** DIRECTIONS FOR THIS TASK **
Beneath this line are the data; copy exactly the part of them that opens with the line containing "(* With k the" and closes with the line containing "apply: cos_le0.", and only that part.
┄┄┄┄┄┄┄┄┄┄┄┄┄┄┄┄┄┄┄┄
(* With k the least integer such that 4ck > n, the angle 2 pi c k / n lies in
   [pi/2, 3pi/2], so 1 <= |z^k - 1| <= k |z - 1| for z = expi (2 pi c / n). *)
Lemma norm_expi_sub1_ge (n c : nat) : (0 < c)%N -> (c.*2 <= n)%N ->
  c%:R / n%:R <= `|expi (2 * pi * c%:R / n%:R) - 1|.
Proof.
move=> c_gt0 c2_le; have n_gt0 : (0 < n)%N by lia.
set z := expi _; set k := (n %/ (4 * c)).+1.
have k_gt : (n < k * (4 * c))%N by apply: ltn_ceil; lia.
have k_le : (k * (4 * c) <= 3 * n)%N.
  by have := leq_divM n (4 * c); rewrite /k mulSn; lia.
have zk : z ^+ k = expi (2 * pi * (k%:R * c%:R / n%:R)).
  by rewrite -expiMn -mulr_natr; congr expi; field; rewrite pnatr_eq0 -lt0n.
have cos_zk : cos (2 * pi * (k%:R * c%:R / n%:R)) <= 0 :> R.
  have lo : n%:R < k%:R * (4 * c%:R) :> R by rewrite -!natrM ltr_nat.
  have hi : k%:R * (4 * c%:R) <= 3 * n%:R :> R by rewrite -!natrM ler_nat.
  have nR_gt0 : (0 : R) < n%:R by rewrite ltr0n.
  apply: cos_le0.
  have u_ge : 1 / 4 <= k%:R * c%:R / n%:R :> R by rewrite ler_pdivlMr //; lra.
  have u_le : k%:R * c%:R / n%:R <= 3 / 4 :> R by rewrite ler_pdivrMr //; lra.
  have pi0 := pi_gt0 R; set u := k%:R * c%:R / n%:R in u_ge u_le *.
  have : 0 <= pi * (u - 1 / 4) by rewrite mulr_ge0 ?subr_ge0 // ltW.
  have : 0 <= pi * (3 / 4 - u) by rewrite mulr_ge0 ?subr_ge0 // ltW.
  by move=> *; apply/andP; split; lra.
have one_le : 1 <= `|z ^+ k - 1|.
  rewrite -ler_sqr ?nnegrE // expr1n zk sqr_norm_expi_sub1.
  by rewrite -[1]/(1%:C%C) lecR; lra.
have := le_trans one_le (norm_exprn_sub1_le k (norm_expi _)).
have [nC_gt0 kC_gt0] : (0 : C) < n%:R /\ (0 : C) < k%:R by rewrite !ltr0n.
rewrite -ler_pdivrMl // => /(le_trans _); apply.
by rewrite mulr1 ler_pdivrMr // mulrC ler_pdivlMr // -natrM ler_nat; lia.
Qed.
┄┄┄┄┄┄┄┄┄┄┄┄┄┄┄┄┄┄┄┄
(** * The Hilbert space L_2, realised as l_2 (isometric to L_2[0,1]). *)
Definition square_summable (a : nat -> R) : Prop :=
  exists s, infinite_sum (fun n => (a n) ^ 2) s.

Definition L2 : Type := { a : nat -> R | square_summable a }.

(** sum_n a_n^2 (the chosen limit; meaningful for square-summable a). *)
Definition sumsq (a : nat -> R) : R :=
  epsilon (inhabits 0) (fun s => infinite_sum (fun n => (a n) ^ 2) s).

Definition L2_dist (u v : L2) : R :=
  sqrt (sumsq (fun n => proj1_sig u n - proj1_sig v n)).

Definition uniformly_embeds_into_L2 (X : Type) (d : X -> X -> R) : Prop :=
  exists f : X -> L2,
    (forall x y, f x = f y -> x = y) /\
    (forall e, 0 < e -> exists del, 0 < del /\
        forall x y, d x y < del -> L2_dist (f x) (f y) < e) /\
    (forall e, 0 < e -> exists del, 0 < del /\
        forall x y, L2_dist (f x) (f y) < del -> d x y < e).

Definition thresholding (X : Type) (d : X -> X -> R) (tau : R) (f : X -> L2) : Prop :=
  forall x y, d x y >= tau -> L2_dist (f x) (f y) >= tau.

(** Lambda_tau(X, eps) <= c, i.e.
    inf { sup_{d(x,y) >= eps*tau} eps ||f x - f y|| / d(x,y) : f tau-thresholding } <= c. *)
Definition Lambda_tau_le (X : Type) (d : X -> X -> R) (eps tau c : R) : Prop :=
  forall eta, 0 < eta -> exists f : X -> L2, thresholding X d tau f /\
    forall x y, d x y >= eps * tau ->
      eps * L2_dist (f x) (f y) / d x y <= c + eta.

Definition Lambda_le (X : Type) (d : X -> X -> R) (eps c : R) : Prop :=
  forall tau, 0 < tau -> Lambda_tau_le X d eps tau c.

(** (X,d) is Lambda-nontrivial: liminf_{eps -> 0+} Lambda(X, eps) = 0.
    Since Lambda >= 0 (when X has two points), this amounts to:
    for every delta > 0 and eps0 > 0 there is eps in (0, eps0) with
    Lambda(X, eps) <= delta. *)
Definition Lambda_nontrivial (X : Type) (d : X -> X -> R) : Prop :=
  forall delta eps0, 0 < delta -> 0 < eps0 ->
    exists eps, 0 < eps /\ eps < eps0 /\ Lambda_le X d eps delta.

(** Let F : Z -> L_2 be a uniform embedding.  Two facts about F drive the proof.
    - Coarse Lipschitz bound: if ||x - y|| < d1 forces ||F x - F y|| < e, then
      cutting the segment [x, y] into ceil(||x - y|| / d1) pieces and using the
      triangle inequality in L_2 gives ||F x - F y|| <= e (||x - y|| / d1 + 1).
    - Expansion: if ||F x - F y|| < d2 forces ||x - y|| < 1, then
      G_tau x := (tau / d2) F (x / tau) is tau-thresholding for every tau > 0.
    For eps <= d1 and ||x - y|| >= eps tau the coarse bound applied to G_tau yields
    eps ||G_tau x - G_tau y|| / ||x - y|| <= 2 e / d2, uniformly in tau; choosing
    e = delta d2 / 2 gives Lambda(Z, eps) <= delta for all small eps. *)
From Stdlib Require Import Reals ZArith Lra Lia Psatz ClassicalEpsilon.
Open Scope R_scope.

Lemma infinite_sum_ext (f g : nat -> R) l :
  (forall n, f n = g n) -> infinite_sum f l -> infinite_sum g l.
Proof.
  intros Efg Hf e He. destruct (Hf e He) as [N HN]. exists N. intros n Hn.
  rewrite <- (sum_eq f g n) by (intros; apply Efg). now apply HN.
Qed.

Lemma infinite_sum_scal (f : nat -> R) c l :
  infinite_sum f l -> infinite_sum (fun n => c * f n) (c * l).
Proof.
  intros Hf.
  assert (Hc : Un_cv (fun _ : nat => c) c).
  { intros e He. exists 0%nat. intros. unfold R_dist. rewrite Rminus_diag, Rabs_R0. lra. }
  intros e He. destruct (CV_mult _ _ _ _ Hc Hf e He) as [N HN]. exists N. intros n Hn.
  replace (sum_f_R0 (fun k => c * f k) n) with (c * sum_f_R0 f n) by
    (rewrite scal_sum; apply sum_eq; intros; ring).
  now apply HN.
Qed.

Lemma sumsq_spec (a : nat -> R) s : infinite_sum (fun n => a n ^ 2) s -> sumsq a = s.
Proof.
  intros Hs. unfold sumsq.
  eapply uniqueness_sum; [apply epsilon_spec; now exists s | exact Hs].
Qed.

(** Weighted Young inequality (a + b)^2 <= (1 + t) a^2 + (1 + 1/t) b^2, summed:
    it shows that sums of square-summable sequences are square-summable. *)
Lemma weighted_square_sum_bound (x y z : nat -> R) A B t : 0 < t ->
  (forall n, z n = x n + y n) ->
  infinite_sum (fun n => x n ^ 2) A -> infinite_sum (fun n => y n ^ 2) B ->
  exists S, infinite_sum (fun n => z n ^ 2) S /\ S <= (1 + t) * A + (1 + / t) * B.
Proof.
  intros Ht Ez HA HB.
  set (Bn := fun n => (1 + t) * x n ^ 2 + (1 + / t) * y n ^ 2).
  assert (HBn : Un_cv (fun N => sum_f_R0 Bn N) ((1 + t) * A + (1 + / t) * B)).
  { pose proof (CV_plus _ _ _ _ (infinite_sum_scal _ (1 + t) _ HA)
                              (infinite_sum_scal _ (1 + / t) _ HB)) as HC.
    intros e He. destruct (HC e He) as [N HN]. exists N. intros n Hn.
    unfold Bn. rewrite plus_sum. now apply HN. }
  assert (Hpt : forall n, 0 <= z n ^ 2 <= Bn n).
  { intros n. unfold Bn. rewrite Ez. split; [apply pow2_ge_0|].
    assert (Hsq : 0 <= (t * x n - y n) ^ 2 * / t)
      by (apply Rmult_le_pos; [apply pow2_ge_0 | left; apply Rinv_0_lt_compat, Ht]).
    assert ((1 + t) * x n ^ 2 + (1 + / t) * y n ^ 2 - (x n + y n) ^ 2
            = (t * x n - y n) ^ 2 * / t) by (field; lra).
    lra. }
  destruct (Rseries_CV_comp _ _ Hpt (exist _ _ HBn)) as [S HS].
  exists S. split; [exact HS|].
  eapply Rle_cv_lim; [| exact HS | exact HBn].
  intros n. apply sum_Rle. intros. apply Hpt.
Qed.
┄┄┄┄┄┄┄┄┄┄┄┄┄┄┄┄┄┄┄┄
** SOLUTION BELOW **
(* With k the least integer such that 4ck > n, the angle 2 pi c k / n lies in
   [pi/2, 3pi/2], so 1 <= |z^k - 1| <= k |z - 1| for z = expi (2 pi c / n). *)
Lemma norm_expi_sub1_ge (n c : nat) : (0 < c)%N -> (c.*2 <= n)%N ->
  c%:R / n%:R <= `|expi (2 * pi * c%:R / n%:R) - 1|.
Proof.
move=> c_gt0 c2_le; have n_gt0 : (0 < n)%N by lia.
set z := expi _; set k := (n %/ (4 * c)).+1.
have k_gt : (n < k * (4 * c))%N by apply: ltn_ceil; lia.
have k_le : (k * (4 * c) <= 3 * n)%N.
  by have := leq_divM n (4 * c); rewrite /k mulSn; lia.
have zk : z ^+ k = expi (2 * pi * (k%:R * c%:R / n%:R)).
  by rewrite -expiMn -mulr_natr; congr expi; field; rewrite pnatr_eq0 -lt0n.
have cos_zk : cos (2 * pi * (k%:R * c%:R / n%:R)) <= 0 :> R.
  have lo : n%:R < k%:R * (4 * c%:R) :> R by rewrite -!natrM ltr_nat.
  have hi : k%:R * (4 * c%:R) <= 3 * n%:R :> R by rewrite -!natrM ler_nat.
  have nR_gt0 : (0 : R) < n%:R by rewrite ltr0n.
  apply: cos_le0.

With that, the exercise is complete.